When two lenses are used in combination, the first one forms an image that then serves as the object for the second lens. The magnification of the combination is the ratio of the height of the final image to the height of the object. A 1.60-cmcm-tall object is 56.0 cm to the left of a converging lens of focal length 40.0 cm. A second converging lens, this one having a focal length of 60.0 cm, is located 300 cm to the right of the first lens along the same optic axis.
A.) Find the location and height of the image (call it I1) formed by the lens with a focal length of 40.0 cmcm. Enter your answers in centimeters separated with a comma.

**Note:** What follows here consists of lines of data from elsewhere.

(* Let $\Bbbk$ be a field, $n\ge2$, $q\in\Bbbk$ a primitive $n$-th root of unity, $T_n(q)$ the Taft algebra and $A$ a unital associative $\Bbbk$-algebra. Let $\cdot:\Bbbk C_n\otimes A\to A$ be a partial action of $\Bbbk C_n$ on $A$ with $g\cdot1_A=0$. Then for each $w\in A$ such that $w^n\in Z(A)$ and $g^i\cdot w=q^{-i}(g^i\cdot1_A)w$ for all $0\le i\le n-1$, the linear map $\cdot:T_n(q)\otimes A\to A$ defined by $$g^ix^j\cdot a=q^{-ij}\sum_{k=0}^{j}(-1)^kq^{-\frac{k(k-1)}{2}}\binom{j}{k}_{q^{-1}}w^{j-k}(g^{i+k}\cdot a)w^k\qquad(0\le i,j\le n-1,\ a\in A)$$ is a partial action of $T_n(q)$ on $A$.
   Context: The Taft algebra $T_n(q)$ is the Hopf algebra generated by $g,x$ with relations $g^n=1$, $x^n=0$, $xg=qgx$, basis $\{g^ix^j:0\le i,j<n\}$, $g$ group-like, $\Delta(x)=x\otimes1+g\otimes x$, $\varepsilon(x)=0$. $\Bbbk C_n=\mathrm{span}\{1,g,\dots,g^{n-1}\}\subseteq T_n(q)$ is the group algebra of the cyclic group $C_n=\langle g\rangle$; exponents of $g$ are read modulo $n$. $Z(A)$ is the center of $A$. A partial action of a bialgebra $H$ on $A$ is a linear map $\cdot:H\otimes A\to A$ with $1_H\cdot a=a$, $h\cdot(ab)=(h_1\cdot a)(h_2\cdot b)$, $h\cdot(k\cdot a)=(h_1\cdot1_A)(h_2k\cdot a)$. $q$-binomials: $\binom{0}{0}_p=1$, $\binom{N}{m}_p=0$ if $m>N$ or $m<0$, and $\binom{N}{m}_p=\binom{N-1}{m-1}_p+p^m\binom{N-1}{m}_p$ for $N\ge1$, $0\le m\le N$. *)

From HB Require Import structures.
From mathcomp Require Import all_boot all_order all_algebra.
Set Implicit Arguments. Unset Strict Implicit. Unset Printing Implicit Defensive.
Import Order.TTheory GRing.Theory Num.Theory.
Local Open Scope ring_scope.
Lemma P_S n r b : P (S n) r b = / (INR (S n) * b O) *
  sumR (S n) (fun i => (INR (S i) * (1 + r) - INR (S n)) * b (S i) * P (n - i)%nat r b).
Proof.
  unfold P at 1. cbn [Ptab]. rewrite (proj2 (Nat.leb_gt (S n) n)) by lia. f_equal. unfold sum_ft.
  replace (S (S n) - 1)%nat with (S n) by lia. apply sumR_ext. intros i Hi.
  simpl (1 + i)%nat. rewrite Ptab_stable by lia. simpl. auto.
Qed.

Definition power_ode (r : R) (b F : nat -> R) : Prop :=
  (fun n => r * cauchy (dcoef b) F n) = cauchy b (dcoef F).

Lemma power_ode_defect r b F n :
  r * cauchy (dcoef b) F n - cauchy b (dcoef F) n =
  sumR (S n) (fun i => (INR (S i) * (1 + r) - INR (S n)) * b (S i) * F (n - i)%nat)
  - INR (S n) * b O * F (S n).
Proof.
  assert (A1 : cauchy b (dcoef F) n = b O * (INR (S n) * F (S n)) +
      sumR (S n) (fun i => b (S i) * (INR (n - i) * F (n - i)%nat))).
  { unfold cauchy. rewrite sumR_first. rewrite Nat.sub_0_r. unfold dcoef at 1. f_equal.
    rewrite sumR_S. replace (n - n)%nat with O by lia. simpl (INR 0). rewrite Rmult_0_l, Rmult_0_r, Rplus_0_r.
    apply sumR_ext. intros i Hi. unfold dcoef. replace (S (n - S i)) with (n - i)%nat by lia. auto. }
  assert (A2 : r * cauchy (dcoef b) F n = sumR (S n) (fun i => r * INR (S i) * b (S i) * F (n - i)%nat)).
  { unfold cauchy. rewrite <- sumR_scal. apply sumR_ext. intros i _. unfold dcoef. ring. }
  rewrite A1, A2.
  assert (A3 : sumR (S n) (fun i => (INR (S i) * (1 + r) - INR (S n)) * b (S i) * F (n - i)%nat)
    = sumR (S n) (fun i => r * INR (S i) * b (S i) * F (n - i)%nat)
      - sumR (S n) (fun i => b (S i) * (INR (n - i) * F (n - i)%nat))).
  { rewrite <- sumR_minus. apply sumR_ext. intros i Hi.
    replace (INR (S n)) with (INR (S i) + INR (n - i)). ring. rewrite <- plus_INR. f_equal. lia. }
  rewrite A3. ring.
Qed.

Lemma power_ode_P r b : b O <> 0 -> power_ode r b (fun k => P k r b).
Proof.
  intros Hb. apply functional_extensionality; intros n.
  pose proof (power_ode_defect r b (fun k => P k r b) n) as E. cbv beta in E. rewrite P_S in E.
  assert (Hn : INR (S n) <> 0) by (apply not_0_INR; lia).
  apply Rminus_diag_uniq. rewrite E. field. split; auto.
Qed.

Lemma power_ode_unique r b F : b O <> 0 -> power_ode r b F -> F O = Rpower (b O) r -> forall n, F n = P n r b.
Proof.
  intros Hb HF H0.
  assert (Hrec : forall G, power_ode r b G -> forall n, INR (S n) * b O * G (S n) =
    sumR (S n) (fun i => (INR (S i) * (1 + r) - INR (S n)) * b (S i) * G (n - i)%nat)).
  { intros G HG n. pose proof (power_ode_defect r b G n) as E. rewrite (equal_f HG n) in E. lra. }
  intros n. induction n as [n IH] using (well_founded_induction Nat.lt_wf_0).
  destruct n. rewrite H0; auto.
  assert (Hn : INR (S n) * b O <> 0) by (apply Rmult_integral_contrapositive; split; auto; apply not_0_INR; lia).
  apply (Rmult_eq_reg_l (INR (S n) * b O)); auto.
  rewrite (Hrec F HF), (Hrec _ (power_ode_P r b Hb)). apply sumR_ext. intros i Hi. rewrite IH by lia. auto.
Qed.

B.) I1 is now the object for the second lens. Find the location and height of the image produced by the second lens. This is the final image produced by the combination of lenses. Enter your answers in centimeters separated with a comma.
Solution:
From the information given,
a) Using lens equation For lens one,
1/o1 + 1/ii = 1/f1
1/56 + 1/i1 = 1/40
1/i1 = 1/140
i1 = 140 cm right side of the lens.
M = -i1/o1 = -140/56 = - 2.5 [Inverted]
hi = M*ho = -2.5 *1.6 = - 4 cm.
b) The new object distance is o2 = 300 - 140 = 160 cm left of lens 2
Similarly Using lens equation.
1/o2 + 1/i2 = 1/f2
1/160 + 1/i2 = 1/60
1/i2 = 1/96
i2 = 96 cm right of the lens 2 .
M = -i2/o2 = -96/160 = - 0.6
hi = M*ho = -0.6 *-4 = 2.4 cm [upright]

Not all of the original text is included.